(Saved data entries)
(* Let $\nu,m_1,m_2,t$ be positive integers with $\nu>m_i\ge t+1$ for $i\in\{1,2\}$. Then $$c_1(\nu,m_1,m_2,t)>s_0(\nu,m_1,m_2+1,t)\,N'(t;m_2;2\nu).$$ Moreover, if additionally $2\nu\ge m_1+2m_2-t+4$, then $$c_1(\nu,m_1,m_2,t)>\left({m_2-t+1\brack 1}-q^{-2}\right)N'(t+1;m_1;2\nu)\,N'(t;m_2;2\nu).$$
   Context: Let $q$ be a prime power, $\nu\ge 1$ an integer, and $f$ a non-degenerate alternating bilinear form on $V=\mathbb F_q^{2\nu}$. A subspace $W\le V$ is totally isotropic if $f(x,y)=0$ for all $x,y\in W$. For $0\le m\le \nu$, $\mathcal P_m$ denotes the set of all $m$-dimensional totally isotropic subspaces of $V$; ${A\brack k}$ is the set of $k$-dimensional subspaces of a subspace $A$. Gaussian binomial coefficient: ${n\brack k}=\prod_{i=0}^{k-1}\frac{q^{n-i}-1}{q^{k-i}-1}$, ${n\brack 0}=1$, ${n\brack k}=0$ for $k<0$. For integers $0\le a\le m\le\nu$, $N'(a;m;2\nu)=\prod_{i=1}^{m-a}\frac{q^{2(\nu-m+i)}-1}{q^{i}-1}$ (the number of members of $\mathcal P_m$ containing a fixed member of $\mathcal P_a$). For $M\in\mathcal P_{m_2+1}$ and a $t$-dimensional subspace $T\subseteq M$ let $\mathcal C_1(M,T;m_1,t)=\{F\in\mathcal P_{m_1}: T\subseteq F,\ \dim(F\cap M)\ge t+1\}$ and $\mathcal C_2(M,T;m_2)=\{F\in\mathcal P_{m_2}: T\subseteq F\}\cup{M\brack m_2}$. The product $|\mathcal C_1(M,T;m_1,t)|\cdot|\mathcal C_2(M,T;m_2)|$ does not depend on the choice of $M,T$; it is denoted $c_1(\nu,m_1,m_2,t)$. Also $s_0(\nu,m,s,t)={s-t\brack 1}N'(t+1;m;2\nu)-q{s-t\brack 2}N'(t+2;m;2\nu)$. *)

From mathcomp Require Import all_boot all_order all_algebra.
Set Implicit Arguments. Unset Strict Implicit. Unset Printing Implicit Defensive.
Import GRing.Theory Num.Theory.
Local Open Scope ring_scope.

(* Gaussian binomial coefficient [n brack k]_q as a rational, q given as nat. *)
Definition gbin (q n k : nat) : rat :=
  \prod_(i < k) (((q%:R : rat) ^+ (n - i) - 1) / ((q%:R : rat) ^+ (k - i) - 1)).

(* N'(a; m; 2nu): number of members of P_m containing a fixed member of P_a.
   For a > m this count is 0 (convention). *)
Definition Nprime (q a m nu : nat) : rat :=
  if (a <= m)%N then
    \prod_(1 <= i < (m - a).+1)
       (((q%:R : rat) ^+ (2 * (nu - m + i)) - 1) / ((q%:R : rat) ^+ i - 1))
  else 0.

Definition s0 (q nu m s t : nat) : rat :=
  gbin q (s - t) 1 * Nprime q t.+1 m nu
  - (q%:R : rat) * gbin q (s - t) 2 * Nprime q t.+2 m nu.

Section Symplectic.
Variables (F : finFieldType) (n : nat) (B : 'M[F]_n).

Definition form (x y : 'rV[F]_n) : F := (x *m B *m y^T) 0 0.

(* subspaces of F^n are represented canonically by matrices A with <<A>> = A;
   the subspace is the row space of A *)
Definition is_subspace (A : 'M[F]_n) : bool := (<<A>>%MS == A).

Definition tot_iso (A : 'M[F]_n) : bool :=
  [forall x : 'rV[F]_n, forall y : 'rV[F]_n,
     ((x <= A)%MS && (y <= A)%MS) ==> (form x y == 0)].

Definition Pm (m : nat) : {set 'M[F]_n} :=
  [set A | [&& is_subspace A, \rank A == m & tot_iso A]].

Definition subsp_of (A : 'M[F]_n) (k : nat) : {set 'M[F]_n} :=
  [set W | [&& is_subspace W, \rank W == k & (W <= A)%MS]].

Definition C1 (M T : 'M[F]_n) (m1 t : nat) : {set 'M[F]_n} :=
  [set W in Pm m1 | (T <= W)%MS && (t.+1 <= \rank (W :&: M)%MS)%N].

Definition C2 (M T : 'M[F]_n) (m2 : nat) : {set 'M[F]_n} :=
  [set W in Pm m2 | (T <= W)%MS] :|: subsp_of M m2.

End Symplectic.

Definition alt_form (F : finFieldType) (n : nat) (B : 'M[F]_n) : Prop :=
  forall x : 'rV[F]_n, form B x x = 0.

Definition nondegen_form (F : finFieldType) (n : nat) (B : 'M[F]_n) : Prop :=
  forall x : 'rV[F]_n, (forall y : 'rV[F]_n, form B x y = 0) -> x = 0.

From Pilot Require Import Defs.
From mathcomp Require Import all_boot all_order all_algebra mxabelem.
From mathcomp Require Import ring lra zify.
Set Implicit Arguments. Unset Strict Implicit. Unset Printing Implicit Defensive.
Import Order.TTheory GRing.Theory Num.Theory.
Local Open Scope ring_scope.

(* N'(a;m;2nu) is obtained by double counting flags: the totally isotropic
   (a+1)-spaces above an isotropic a-space U are the (a+1)-spaces between U and
   its orthogonal U^perp, of which there are [2nu-2a brack 1].
   C2 contains the N'(t;m2;2nu) isotropic m2-spaces above T together with a
   hyperplane of M missing T, so |C2| > N'(t;m2;2nu).
   For an isotropic m1-space W above T, the number of (t+1)-spaces between T and
   W :&: M minus q times the number of (t+2)-spaces between them is at most 1, and
   at most 0 unless W is in C1; summing over all such W and double counting gives
   |C1| >= s0(nu,m1,m2+1,t) > 0.  The second bound compares the two terms of
   s0 using N'(t+1) [m1-t-1 brack 1] = [2nu-2t-2 brack 1] N'(t+2). *)

Section GaussianBinomial.
Variable q : nat.
Hypothesis q_gt1 : (1 < q)%N.
Local Notation qr := (q%:R : rat).
Local Notation g d := (gbin q d 1).

Lemma qr_gt1 : 1 < qr. Proof. by rewrite ltr1n. Qed.

Lemma qr_ge2 : 2 <= qr. Proof. by rewrite ler_nat. Qed.

Lemma gbin1E d : g d = (qr ^+ d - 1) / (qr - 1).
Proof. by rewrite /gbin big_ord1 subn0. Qed.

Lemma gbin1S d : g d.+1 = 1 + qr * g d.
Proof.
have q1 : qr - 1 != 0 by rewrite subr_eq0 gt_eqF ?qr_gt1.
by rewrite !gbin1E exprS; field.
Qed.

Lemma gbin10 : g 0 = 0.
Proof. by rewrite gbin1E expr0 subrr mul0r. Qed.

Lemma gbin1_ge0 d : 0 <= g d.
Proof.
elim: d => [|d IH]; first by rewrite gbin10.
by rewrite gbin1S addr_ge0 // mulr_ge0.
Qed.

Lemma gbin1_gt0 d : (0 < d)%N -> 0 < g d.
Proof. by case: d => // d _; rewrite gbin1S ltr_pwDl // mulr_ge0 ?gbin1_ge0. Qed.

### Prompt:
Your task is to restate, word for word, only those lines above that fall between the line holding "From mathcomp Require Import all_boot all_order all_algebra." and the line holding "if (a <= m)%N then", inclusive.

### Answer to this exercise:
From mathcomp Require Import all_boot all_order all_algebra.
Set Implicit Arguments. Unset Strict Implicit. Unset Printing Implicit Defensive.
Import GRing.Theory Num.Theory.
Local Open Scope ring_scope.

(* Gaussian binomial coefficient [n brack k]_q as a rational, q given as nat. *)
Definition gbin (q n k : nat) : rat :=
  \prod_(i < k) (((q%:R : rat) ^+ (n - i) - 1) / ((q%:R : rat) ^+ (k - i) - 1)).

(* N'(a; m; 2nu): number of members of P_m containing a fixed member of P_a.
   For a > m this count is 0 (convention). *)
Definition Nprime (q a m nu : nat) : rat :=
  if (a <= m)%N then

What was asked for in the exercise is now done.